- YOUR INSTRUCTIONS
Everything from the line containing "cones_meet_at_apex : forall" to the last line of the listing below, inclusive, is what you should output, exactly as it appears.
________________
Lemma diamond_meets_crossing_chord (a c b d : pt) (lam0 mu0 : R) :
  cross (psub c a) (psub d b) <> 0 -> 0 < mu0 < 1 ->
  padd a (pscale lam0 (psub c a)) = padd b (pscale mu0 (psub d b)) ->
  for_small_k (fun k => forall y, diamond k a c y -> cross (psub d b) (psub y b) = 0 ->
    exists mu, 0 < mu < 1 /\ y = padd b (pscale mu (psub d b))).
Proof.
  intros HK Hmu Hz.
  set (K := cross (psub c a) (psub d b)) in *. set (U := sqnorm (psub c a)).
  pose proof (sqnorm_nonneg (psub c a)) as HU. fold U in HU.
  set (m := Rmin mu0 (1 - mu0)).
  assert (Hm : 0 < m) by (unfold m; apply Rmin_case; lra).
  assert (HaK : 0 < Rabs K) by (apply Rabs_pos_lt; auto).
  exists (m * Rabs K / (U + 1)). split; [apply Rdiv_lt_0_compat; [nra|lra]|].
  intros k [Hk Hk2] y Hy Hc.
  destruct (diamond_bounds k a c y Hk Hy) as [_ Hb]. fold U in Hb.
  assert (Hbd : d <> b) by (intros ->; apply HK; unfold K; destruct a, b, c; pt_simpl; ring).
  set (mu := (dot (psub d b) (psub y b)) / sqnorm (psub d b)).
  assert (Hy2 : y = padd b (pscale mu (psub d b))).
  { pose proof (sqnorm_sub_pos d b Hbd) as Hn.
    rewrite <- (padd_psub b y) at 1. f_equal. apply cross_eq0_scale; auto; lra. }
  assert (HX : cross (psub c a) (psub y a) = (mu - mu0) * K).
  { rewrite Hy2. unfold K. destruct a as [a1 a2], b as [b1 b2], c as [c1 c2], d as [d1 d2].
    unfold padd, pscale, psub in Hz. cbn [fst snd] in Hz.
    injection Hz; intros e2 e1. pt_simpl.
    assert ((c1-a1)*(b2 - a2 + mu0*(d2-b2)) = (c1-a1)*(lam0*(c2-a2))) by (f_equal; lra).
    assert ((c2-a2)*(b1 - a1 + mu0*(d1-b1)) = (c2-a2)*(lam0*(c1-a1))) by (f_equal; lra).
    lra. }
  rewrite HX, Rabs_mult in Hb.
  exists mu. split; [|exact Hy2].
  assert (Rabs (mu - mu0) * Rabs K <= m * Rabs K / (U + 1) * U).
  { eapply Rle_trans; [exact Hb|]. apply Rmult_le_compat_r; lra. }
  assert (m * Rabs K / (U + 1) * U < m * Rabs K).
  { unfold Rdiv. apply (Rmult_lt_reg_r (U + 1)); [lra|]. field_simplify; nra. }
  assert (Hclose : Rabs (mu - mu0) < m) by nra.
  pose proof (Rmin_l mu0 (1 - mu0)). pose proof (Rmin_r mu0 (1 - mu0)).
  apply Rabs_def2 in Hclose. unfold m in *. lra.
Qed.

Lemma diamonds_disjoint_of_positive_side (a c b d : pt) : b <> d ->
  0 < cross (psub c a) (psub b a) -> 0 < cross (psub c a) (psub d a) ->
  for_small_k (fun k => forall x, diamond k a c x -> diamond k b d x -> False).
Proof.
  set (fb := cross (psub c a) (psub b a)). set (fd := cross (psub c a) (psub d a)).
  intros Hbd Hb Hd.
  set (mn := Rmin fb fd). assert (Hmn : 0 < mn) by (unfold mn; apply Rmin_case; lra).
  pose proof (Rmin_l fb fd) as Hmb. pose proof (Rmin_r fb fd) as Hmd. fold mn in Hmb, Hmd.
  set (U := sqnorm (psub c a)). set (Q := Rabs (dot (psub c a) (psub d b))).
  pose proof (sqnorm_nonneg (psub c a)) as HU. pose proof (Rabs_pos (dot (psub c a) (psub d b))) as HQ.
  fold U in HU. fold Q in HQ.
  exists (mn / (U + Q + 1)). split; [apply Rdiv_lt_0_compat; lra|].
  intros k [Hk Hk2] x H1 H2.
  destruct (diamond_bounds k a c x Hk H1) as [_ B1]. fold U in B1.
  destruct (diamond_bounds k b d x Hk H2) as [[B2 B3] B4].
  set (Z := sqnorm (psub d b)) in *. pose proof (sqnorm_sub_pos d b (not_eq_sym Hbd)) as HZ. fold Z in HZ.
  set (D' := dot (psub d b) (psub x b)) in *. set (X' := cross (psub d b) (psub x b)) in *.
  set (fx := cross (psub c a) (psub x a)) in *.
  (* [fx] interpolates between [fb] and [fd] along [bd], up to the offset [X'] from that line. *)
  assert (Id : Z * fx = (Z - D') * fb + D' * fd + X' * dot (psub c a) (psub d b)).
  { unfold Z, fx, D', X', fb, fd, sqnorm. destruct a, b, c, d, x. pt_simpl. ring. }
  assert (HX' : - (k * Z * Q) <= X' * dot (psub c a) (psub d b)).
  { pose proof (Rle_abs (- (X' * dot (psub c a) (psub d b)))) as Habs.
    rewrite Rabs_Ropp, Rabs_mult in Habs. fold Q in Habs.
    assert (Rabs X' * Q <= k * Z * Q) by (apply Rmult_le_compat_r; auto). lra. }
  assert (Hlow : Z * (mn - k * Q) <= Z * fx) by (rewrite Id; nra).
  assert (fx <= k * U) by (pose proof (Rle_abs fx); lra).
  assert (k * (U + Q) < mn).
  { apply Rle_lt_trans with (mn / (U + Q + 1) * (U + Q)); [apply Rmult_le_compat_r; lra|].
    unfold Rdiv. apply (Rmult_lt_reg_r (U + Q + 1)); [lra|]. field_simplify; nra. }
  apply Rmult_le_reg_l in Hlow; lra.
Qed.

Lemma diamonds_disjoint (a c b d : pt) : a <> c -> b <> d ->
  cross (psub c a) (psub b a) <> 0 -> cross (psub c a) (psub d a) <> 0 ->
  cross (psub d b) (psub a b) <> 0 -> cross (psub d b) (psub c b) <> 0 ->
  (forall y, seg a c y -> ~ seg b d y) ->
  for_small_k (fun k => forall x, diamond k a c x -> diamond k b d x -> False).
Proof.
  intros Hac Hbd H1 H2 H3 H4 Hdis.
  destruct (Rlt_dec 0 (cross (psub c a) (psub b a) * cross (psub c a) (psub d a))) as [h1|h1].
  { destruct (Rlt_dec 0 (cross (psub c a) (psub b a))).
    - apply diamonds_disjoint_of_positive_side; auto; nra.
    - apply (for_small_k_impl (fun k => forall x, diamond k c a x -> diamond k b d x -> False)).
      + apply diamonds_disjoint_of_positive_side; auto; rewrite cross_swap_ends; nra.
      + intros k _ H x [Hx1 Hx2]. apply (H x). split; auto. }
  destruct (Rlt_dec 0 (cross (psub d b) (psub a b) * cross (psub d b) (psub c b))) as [h2|h2].
  { apply (for_small_k_impl (fun k => forall x, diamond k b d x -> diamond k a c x -> False)).
    - destruct (Rlt_dec 0 (cross (psub d b) (psub a b))).
      + apply diamonds_disjoint_of_positive_side; auto; nra.
      + apply (for_small_k_impl (fun k => forall x, diamond k d b x -> diamond k a c x -> False)).
        * apply diamonds_disjoint_of_positive_side; auto; rewrite cross_swap_ends; nra.
        * intros k _ H x [Hx1 Hx2]. apply (H x). split; auto.
    - intros k _ H x Hx Hy. exact (H x Hy Hx). }
  exfalso.
  assert (cross (psub c a) (psub b a) * cross (psub c a) (psub d a) < 0).
  { assert (cross (psub c a) (psub b a) * cross (psub c a) (psub d a) <> 0)
      by (apply Rmult_integral_contrapositive; auto). lra. }
  assert (cross (psub d b) (psub a b) * cross (psub d b) (psub c b) < 0).
  { assert (cross (psub d b) (psub a b) * cross (psub d b) (psub c b) <> 0)
      by (apply Rmult_integral_contrapositive; auto). lra. }
  destruct (segments_cross a c b d H H0) as [t [mu [Ht [Hmu E]]]].
  apply (Hdis (padd a (pscale t (psub c a)))); [exists t; split; [lra|auto]|].
  rewrite E. exists mu; split; [lra|auto].
Qed.

Lemma crossing_point_interior a c b d x :
  cross (psub c a) (psub b a) <> 0 -> cross (psub c a) (psub d a) <> 0 -> seg a c x -> seg b d x ->
  cross (psub c a) (psub d b) <> 0 /\ exists t mu, 0 < mu < 1 /\
    padd a (pscale t (psub c a)) = padd b (pscale mu (psub d b)).
Proof.
  intros Hcab Hcad [t [Ht Ex]] [mu [Hmu Ey]]. rewrite Ex in Ey.
  destruct a as [a1 a2], b as [b1 b2], c as [c1 c2], d as [d1 d2].
  unfold padd, pscale, psub in Ey; cbn [fst snd] in Ey. injection Ey; intros E2 E1.
  split; [| exists t, mu; split; [| unfold padd, pscale, psub; cbn [fst snd]; f_equal; lra]].
  - intro K0. apply Hcab. pt_simpl.
    replace (b1 - a1) with (t * (c1 - a1) - mu * (d1 - b1)) by lra.
    replace (b2 - a2) with (t * (c2 - a2) - mu * (d2 - b2)) by lra.
    replace 0 with (- mu * 0) by ring. rewrite <- K0. ring.
  - split; [destruct (Req_dec mu 0) | destruct (Req_dec mu 1)]; try lra; subst mu; exfalso;
      [apply Hcab | apply Hcad]; pt_simpl.
    + replace (b1 - a1) with (t * (c1 - a1)) by lra. replace (b2 - a2) with (t * (c2 - a2)) by lra. ring.
    + replace (d1 - a1) with (t * (c1 - a1)) by lra. replace (d2 - a2) with (t * (c2 - a2)) by lra. ring.
Qed.

Record separated (P : list pt) (k : R) : Prop := {
  cone_free : forall a c v, In a P -> In c P -> In v P ->
    a <> c -> v <> a -> v <> c -> ~ cone k a c v;
  cones_meet_at_apex : forall a c d x, In a P -> In c P -> In d P ->
    a <> c -> a <> d -> c <> d -> cone k a c x -> cone k a d x -> x = a;
  diamonds_apart : forall a c b d x, In a P -> In c P -> In b P -> In d P ->
    a <> c -> a <> b -> a <> d -> c <> b -> c <> d -> b <> d ->
    (forall y, seg a c y -> ~ seg b d y) -> diamond k a c x -> diamond k b d x -> False;
  diamond_meets_chord_inside : forall a c b d y, In a P -> In c P -> In b P -> In d P ->
    a <> c -> a <> b -> a <> d -> c <> b -> c <> d -> b <> d ->
    (exists x, seg a c x /\ seg b d x) ->
    diamond k a c y -> cross (psub d b) (psub y b) = 0 ->
    exists mu, 0 < mu < 1 /\ y = padd b (pscale mu (psub d b)) }.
________________
- RESULT OF THE TASK
  cones_meet_at_apex : forall a c d x, In a P -> In c P -> In d P ->
    a <> c -> a <> d -> c <> d -> cone k a c x -> cone k a d x -> x = a;
  diamonds_apart : forall a c b d x, In a P -> In c P -> In b P -> In d P ->
    a <> c -> a <> b -> a <> d -> c <> b -> c <> d -> b <> d ->
    (forall y, seg a c y -> ~ seg b d y) -> diamond k a c x -> diamond k b d x -> False;
  diamond_meets_chord_inside : forall a c b d y, In a P -> In c P -> In b P -> In d P ->
    a <> c -> a <> b -> a <> d -> c <> b -> c <> d -> b <> d ->
    (exists x, seg a c x /\ seg b d x) ->
    diamond k a c y -> cross (psub d b) (psub y b) = 0 ->
    exists mu, 0 < mu < 1 /\ y = padd b (pscale mu (psub d b)) }.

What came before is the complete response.